_WORK TASK_
Determine how many lines in the listing hold "negP" and give only that number.

_RECORD EXCERPTS_
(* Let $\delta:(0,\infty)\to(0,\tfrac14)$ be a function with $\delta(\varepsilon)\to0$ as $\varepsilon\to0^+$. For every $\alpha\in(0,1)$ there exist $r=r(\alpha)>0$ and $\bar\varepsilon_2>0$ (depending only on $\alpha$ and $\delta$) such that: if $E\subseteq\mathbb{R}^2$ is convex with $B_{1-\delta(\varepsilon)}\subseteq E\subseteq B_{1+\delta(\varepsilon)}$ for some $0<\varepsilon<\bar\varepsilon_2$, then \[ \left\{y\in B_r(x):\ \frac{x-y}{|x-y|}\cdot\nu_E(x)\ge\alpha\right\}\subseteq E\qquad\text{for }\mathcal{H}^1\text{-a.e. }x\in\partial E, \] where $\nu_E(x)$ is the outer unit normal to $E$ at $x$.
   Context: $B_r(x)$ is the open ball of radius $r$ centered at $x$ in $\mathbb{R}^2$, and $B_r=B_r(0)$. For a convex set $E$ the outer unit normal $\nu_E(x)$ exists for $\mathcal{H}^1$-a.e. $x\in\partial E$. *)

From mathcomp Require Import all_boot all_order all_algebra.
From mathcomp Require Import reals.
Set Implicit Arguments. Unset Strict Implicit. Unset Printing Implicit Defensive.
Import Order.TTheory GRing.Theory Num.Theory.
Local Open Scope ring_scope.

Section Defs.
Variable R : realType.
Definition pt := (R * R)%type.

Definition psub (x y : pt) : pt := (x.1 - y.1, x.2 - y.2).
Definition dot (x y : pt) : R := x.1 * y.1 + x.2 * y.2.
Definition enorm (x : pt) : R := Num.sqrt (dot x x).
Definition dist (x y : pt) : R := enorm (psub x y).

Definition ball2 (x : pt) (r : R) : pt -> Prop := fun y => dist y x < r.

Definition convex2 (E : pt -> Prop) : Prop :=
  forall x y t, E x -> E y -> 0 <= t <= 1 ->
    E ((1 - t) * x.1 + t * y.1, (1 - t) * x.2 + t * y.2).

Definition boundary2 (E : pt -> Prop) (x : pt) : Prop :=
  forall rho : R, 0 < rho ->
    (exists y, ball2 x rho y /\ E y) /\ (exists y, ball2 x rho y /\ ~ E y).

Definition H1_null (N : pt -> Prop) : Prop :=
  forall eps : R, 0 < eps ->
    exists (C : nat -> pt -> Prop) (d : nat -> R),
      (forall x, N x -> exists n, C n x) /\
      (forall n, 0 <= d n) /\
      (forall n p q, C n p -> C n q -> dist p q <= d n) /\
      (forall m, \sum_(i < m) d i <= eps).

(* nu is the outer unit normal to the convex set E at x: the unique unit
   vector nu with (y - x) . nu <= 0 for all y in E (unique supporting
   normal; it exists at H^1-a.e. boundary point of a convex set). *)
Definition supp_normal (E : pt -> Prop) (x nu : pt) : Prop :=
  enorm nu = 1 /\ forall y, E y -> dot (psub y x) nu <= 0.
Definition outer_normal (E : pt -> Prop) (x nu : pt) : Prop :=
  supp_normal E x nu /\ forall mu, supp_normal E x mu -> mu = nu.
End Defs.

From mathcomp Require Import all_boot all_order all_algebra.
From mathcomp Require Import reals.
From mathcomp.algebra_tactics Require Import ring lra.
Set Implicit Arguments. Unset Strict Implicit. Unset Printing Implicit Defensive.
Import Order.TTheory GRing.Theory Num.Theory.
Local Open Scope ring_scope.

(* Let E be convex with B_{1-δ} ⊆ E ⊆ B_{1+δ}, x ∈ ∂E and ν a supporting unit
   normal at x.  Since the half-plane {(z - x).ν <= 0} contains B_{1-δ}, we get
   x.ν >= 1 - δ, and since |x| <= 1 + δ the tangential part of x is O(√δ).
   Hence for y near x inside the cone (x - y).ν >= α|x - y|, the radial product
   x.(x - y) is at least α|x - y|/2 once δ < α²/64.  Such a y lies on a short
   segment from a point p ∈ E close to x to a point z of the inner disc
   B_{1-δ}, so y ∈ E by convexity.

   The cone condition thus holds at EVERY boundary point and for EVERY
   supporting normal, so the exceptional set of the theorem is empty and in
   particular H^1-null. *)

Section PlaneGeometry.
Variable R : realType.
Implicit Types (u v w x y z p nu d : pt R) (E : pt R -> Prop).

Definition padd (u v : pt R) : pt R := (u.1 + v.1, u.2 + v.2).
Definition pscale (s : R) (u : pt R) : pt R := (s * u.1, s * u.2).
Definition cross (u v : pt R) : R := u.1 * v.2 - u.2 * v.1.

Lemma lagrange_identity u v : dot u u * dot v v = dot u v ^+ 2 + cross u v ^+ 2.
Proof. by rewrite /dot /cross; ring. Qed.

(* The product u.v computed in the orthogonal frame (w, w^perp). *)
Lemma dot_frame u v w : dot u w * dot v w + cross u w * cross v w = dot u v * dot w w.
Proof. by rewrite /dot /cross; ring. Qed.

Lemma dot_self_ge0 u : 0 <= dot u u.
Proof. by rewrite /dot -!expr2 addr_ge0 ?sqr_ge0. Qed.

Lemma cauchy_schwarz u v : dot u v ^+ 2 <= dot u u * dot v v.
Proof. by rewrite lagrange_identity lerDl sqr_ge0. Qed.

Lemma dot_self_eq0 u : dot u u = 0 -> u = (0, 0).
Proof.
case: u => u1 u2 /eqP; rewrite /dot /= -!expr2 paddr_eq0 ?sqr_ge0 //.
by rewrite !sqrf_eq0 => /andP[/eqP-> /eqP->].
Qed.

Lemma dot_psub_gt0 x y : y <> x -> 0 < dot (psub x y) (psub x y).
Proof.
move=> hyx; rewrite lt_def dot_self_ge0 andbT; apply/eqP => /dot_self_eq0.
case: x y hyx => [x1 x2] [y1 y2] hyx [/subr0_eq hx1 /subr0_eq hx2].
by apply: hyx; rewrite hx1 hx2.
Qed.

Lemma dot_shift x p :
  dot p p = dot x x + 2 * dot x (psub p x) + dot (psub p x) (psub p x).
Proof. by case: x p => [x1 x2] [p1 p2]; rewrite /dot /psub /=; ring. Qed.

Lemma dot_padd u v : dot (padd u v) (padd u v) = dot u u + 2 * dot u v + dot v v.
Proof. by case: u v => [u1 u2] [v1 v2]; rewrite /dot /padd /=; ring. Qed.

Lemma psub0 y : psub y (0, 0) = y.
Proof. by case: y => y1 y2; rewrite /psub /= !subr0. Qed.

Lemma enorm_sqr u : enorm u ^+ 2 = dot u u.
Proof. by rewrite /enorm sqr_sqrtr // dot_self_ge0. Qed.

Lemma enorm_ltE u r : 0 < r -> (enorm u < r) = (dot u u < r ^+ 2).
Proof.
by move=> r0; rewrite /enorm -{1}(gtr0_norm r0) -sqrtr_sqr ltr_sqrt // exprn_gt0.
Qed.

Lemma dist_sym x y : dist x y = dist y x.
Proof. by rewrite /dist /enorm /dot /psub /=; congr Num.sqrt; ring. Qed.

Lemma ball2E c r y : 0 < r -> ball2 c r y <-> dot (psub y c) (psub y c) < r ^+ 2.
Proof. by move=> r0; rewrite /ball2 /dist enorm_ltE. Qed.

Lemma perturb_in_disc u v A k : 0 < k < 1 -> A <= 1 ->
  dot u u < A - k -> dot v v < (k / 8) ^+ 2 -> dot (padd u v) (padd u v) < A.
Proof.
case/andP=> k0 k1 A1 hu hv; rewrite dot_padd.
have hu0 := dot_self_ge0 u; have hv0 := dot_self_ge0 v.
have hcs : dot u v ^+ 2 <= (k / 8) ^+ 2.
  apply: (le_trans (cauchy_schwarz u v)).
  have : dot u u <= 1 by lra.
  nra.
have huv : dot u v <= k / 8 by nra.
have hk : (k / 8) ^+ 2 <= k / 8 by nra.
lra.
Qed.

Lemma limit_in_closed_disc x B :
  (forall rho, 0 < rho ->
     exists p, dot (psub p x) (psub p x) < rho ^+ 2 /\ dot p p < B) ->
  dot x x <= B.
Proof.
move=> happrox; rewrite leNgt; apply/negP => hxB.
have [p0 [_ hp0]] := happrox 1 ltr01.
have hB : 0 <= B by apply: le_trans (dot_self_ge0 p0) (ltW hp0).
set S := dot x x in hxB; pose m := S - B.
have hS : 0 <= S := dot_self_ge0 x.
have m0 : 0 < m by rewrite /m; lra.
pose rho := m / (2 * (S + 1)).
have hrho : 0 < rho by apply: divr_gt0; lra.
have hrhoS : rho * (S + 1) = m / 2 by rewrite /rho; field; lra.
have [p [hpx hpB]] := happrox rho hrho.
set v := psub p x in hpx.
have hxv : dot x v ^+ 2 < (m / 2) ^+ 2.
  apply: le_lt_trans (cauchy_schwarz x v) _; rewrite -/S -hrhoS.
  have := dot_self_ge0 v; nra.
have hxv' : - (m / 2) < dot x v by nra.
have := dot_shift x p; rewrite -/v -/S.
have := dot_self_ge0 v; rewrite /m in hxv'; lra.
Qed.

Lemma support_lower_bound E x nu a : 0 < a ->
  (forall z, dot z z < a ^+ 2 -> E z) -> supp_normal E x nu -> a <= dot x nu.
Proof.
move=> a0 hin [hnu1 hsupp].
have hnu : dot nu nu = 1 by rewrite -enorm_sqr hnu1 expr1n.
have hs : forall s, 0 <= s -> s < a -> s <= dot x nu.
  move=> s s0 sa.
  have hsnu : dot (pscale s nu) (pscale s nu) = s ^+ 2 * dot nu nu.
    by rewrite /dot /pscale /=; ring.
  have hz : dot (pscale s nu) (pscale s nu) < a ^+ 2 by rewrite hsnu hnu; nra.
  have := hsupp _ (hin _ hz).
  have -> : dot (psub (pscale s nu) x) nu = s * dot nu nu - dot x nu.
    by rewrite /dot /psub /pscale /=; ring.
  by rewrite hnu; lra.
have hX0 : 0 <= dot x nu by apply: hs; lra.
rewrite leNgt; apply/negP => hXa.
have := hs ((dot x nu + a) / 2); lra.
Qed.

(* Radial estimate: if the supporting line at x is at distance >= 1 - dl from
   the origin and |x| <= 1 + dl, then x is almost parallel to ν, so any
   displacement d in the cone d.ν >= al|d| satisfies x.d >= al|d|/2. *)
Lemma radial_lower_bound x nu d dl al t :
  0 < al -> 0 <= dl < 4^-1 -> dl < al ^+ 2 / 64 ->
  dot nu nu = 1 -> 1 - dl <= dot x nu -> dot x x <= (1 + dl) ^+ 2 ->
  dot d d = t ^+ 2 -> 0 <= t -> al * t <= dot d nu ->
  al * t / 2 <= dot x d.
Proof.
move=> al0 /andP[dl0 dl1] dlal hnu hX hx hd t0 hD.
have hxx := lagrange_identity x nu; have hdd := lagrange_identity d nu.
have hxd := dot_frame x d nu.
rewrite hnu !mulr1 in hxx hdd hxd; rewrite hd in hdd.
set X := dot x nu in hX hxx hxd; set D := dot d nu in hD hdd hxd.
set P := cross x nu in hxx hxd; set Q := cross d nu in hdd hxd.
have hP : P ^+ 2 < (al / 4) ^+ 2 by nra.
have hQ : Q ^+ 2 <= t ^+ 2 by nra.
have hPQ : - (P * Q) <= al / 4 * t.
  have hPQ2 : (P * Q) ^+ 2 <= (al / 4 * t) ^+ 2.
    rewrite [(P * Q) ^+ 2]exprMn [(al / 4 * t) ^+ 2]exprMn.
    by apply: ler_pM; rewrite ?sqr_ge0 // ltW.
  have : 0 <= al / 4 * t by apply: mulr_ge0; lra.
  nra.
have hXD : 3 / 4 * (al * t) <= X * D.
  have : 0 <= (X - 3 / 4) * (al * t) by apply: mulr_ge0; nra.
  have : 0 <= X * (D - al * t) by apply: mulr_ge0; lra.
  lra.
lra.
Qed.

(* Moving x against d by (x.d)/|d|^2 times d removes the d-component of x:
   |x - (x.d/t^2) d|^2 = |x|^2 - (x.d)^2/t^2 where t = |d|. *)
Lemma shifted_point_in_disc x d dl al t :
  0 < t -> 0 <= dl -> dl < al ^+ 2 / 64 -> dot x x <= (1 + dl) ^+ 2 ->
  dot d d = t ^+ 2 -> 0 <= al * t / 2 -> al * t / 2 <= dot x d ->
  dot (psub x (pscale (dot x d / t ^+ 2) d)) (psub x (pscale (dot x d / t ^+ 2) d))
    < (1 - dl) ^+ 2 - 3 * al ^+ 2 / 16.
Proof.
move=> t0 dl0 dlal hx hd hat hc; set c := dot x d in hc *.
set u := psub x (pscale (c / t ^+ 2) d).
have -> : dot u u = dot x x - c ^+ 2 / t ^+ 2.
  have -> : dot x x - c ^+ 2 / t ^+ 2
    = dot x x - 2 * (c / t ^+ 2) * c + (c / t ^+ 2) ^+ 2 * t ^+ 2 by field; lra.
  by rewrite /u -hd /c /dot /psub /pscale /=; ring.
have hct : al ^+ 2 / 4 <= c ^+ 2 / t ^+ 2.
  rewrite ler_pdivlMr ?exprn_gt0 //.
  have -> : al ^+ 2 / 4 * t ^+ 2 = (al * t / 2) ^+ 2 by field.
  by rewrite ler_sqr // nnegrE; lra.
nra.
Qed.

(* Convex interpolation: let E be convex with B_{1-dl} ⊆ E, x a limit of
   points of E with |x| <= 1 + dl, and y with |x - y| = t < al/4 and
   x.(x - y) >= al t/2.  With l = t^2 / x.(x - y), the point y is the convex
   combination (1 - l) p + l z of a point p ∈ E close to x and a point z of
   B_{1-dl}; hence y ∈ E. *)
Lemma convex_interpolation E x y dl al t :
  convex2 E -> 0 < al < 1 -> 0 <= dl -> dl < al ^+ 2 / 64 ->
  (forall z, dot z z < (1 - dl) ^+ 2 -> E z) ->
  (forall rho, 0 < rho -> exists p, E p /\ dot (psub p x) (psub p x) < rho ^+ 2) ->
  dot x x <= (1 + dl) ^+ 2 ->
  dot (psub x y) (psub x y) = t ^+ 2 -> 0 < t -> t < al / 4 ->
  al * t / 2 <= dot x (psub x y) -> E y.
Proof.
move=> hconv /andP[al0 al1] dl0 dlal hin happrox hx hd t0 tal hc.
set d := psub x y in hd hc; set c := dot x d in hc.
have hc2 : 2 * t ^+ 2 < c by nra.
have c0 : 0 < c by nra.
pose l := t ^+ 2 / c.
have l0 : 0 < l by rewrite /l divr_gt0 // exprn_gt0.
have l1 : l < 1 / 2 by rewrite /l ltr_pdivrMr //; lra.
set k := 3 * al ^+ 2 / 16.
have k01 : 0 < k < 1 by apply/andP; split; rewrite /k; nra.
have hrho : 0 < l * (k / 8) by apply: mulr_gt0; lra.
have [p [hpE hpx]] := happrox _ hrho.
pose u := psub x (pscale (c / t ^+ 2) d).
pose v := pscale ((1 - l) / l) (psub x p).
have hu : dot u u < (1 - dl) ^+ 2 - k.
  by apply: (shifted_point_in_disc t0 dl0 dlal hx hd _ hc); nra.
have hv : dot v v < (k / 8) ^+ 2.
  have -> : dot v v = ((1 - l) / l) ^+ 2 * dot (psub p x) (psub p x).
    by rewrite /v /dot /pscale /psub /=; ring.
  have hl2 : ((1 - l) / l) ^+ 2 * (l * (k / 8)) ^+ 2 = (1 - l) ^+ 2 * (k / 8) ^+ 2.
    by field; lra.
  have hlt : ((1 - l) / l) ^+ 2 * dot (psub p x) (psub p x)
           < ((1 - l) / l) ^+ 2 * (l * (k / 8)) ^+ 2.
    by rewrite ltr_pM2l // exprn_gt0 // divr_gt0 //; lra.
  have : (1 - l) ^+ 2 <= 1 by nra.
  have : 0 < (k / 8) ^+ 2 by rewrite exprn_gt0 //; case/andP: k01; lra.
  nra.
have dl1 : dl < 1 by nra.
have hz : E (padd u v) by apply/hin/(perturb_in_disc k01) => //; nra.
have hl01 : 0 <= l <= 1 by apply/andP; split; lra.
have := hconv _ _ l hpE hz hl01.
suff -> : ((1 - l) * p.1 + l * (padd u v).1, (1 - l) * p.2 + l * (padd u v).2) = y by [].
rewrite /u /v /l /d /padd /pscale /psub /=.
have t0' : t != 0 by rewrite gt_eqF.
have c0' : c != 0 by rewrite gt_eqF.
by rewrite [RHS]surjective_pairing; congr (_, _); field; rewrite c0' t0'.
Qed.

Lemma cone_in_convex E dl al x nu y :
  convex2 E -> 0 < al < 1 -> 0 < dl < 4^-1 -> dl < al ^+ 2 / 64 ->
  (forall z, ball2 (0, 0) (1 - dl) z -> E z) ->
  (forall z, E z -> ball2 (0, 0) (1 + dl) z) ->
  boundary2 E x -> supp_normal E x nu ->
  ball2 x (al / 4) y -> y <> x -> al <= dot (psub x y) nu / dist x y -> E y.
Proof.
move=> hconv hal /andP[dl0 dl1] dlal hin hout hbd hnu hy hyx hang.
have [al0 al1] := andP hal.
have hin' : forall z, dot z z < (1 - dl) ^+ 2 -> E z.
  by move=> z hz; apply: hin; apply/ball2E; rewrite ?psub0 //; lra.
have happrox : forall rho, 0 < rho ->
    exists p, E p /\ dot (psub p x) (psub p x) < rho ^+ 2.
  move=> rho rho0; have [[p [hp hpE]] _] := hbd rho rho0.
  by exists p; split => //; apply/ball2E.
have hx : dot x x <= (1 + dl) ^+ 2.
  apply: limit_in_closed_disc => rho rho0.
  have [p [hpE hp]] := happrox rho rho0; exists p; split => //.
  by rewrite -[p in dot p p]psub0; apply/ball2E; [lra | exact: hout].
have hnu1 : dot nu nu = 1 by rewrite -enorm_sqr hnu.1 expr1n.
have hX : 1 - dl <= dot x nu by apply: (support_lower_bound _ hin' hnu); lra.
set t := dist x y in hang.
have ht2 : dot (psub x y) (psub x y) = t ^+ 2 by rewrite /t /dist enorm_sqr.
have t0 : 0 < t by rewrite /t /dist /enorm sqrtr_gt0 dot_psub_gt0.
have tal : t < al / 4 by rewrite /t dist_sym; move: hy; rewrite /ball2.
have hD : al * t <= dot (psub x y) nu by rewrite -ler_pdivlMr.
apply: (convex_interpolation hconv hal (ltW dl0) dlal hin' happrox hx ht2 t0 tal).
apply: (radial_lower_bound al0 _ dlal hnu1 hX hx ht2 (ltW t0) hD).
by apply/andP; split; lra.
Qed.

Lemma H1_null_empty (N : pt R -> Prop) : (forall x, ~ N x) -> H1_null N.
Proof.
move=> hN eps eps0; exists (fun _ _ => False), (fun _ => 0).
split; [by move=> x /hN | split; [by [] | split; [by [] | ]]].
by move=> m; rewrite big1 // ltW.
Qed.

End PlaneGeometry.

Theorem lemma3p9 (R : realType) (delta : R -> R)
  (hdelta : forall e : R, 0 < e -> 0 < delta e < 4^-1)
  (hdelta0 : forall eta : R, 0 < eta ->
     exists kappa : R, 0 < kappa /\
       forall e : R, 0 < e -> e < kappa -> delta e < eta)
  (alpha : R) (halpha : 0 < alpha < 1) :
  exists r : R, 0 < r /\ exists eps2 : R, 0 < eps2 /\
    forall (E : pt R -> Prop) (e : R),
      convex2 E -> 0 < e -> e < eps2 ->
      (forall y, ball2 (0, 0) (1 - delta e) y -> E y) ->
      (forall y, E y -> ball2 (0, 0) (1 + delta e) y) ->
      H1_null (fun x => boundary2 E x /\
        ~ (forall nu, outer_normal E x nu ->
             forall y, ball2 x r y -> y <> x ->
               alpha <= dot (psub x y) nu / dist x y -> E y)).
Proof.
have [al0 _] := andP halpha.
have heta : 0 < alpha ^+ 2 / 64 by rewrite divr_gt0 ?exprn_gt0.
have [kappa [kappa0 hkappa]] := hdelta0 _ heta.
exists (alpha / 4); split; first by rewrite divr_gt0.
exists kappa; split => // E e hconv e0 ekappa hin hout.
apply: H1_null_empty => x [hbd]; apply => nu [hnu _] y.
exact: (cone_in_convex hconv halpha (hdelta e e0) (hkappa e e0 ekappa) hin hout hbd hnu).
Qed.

_RESULT_
2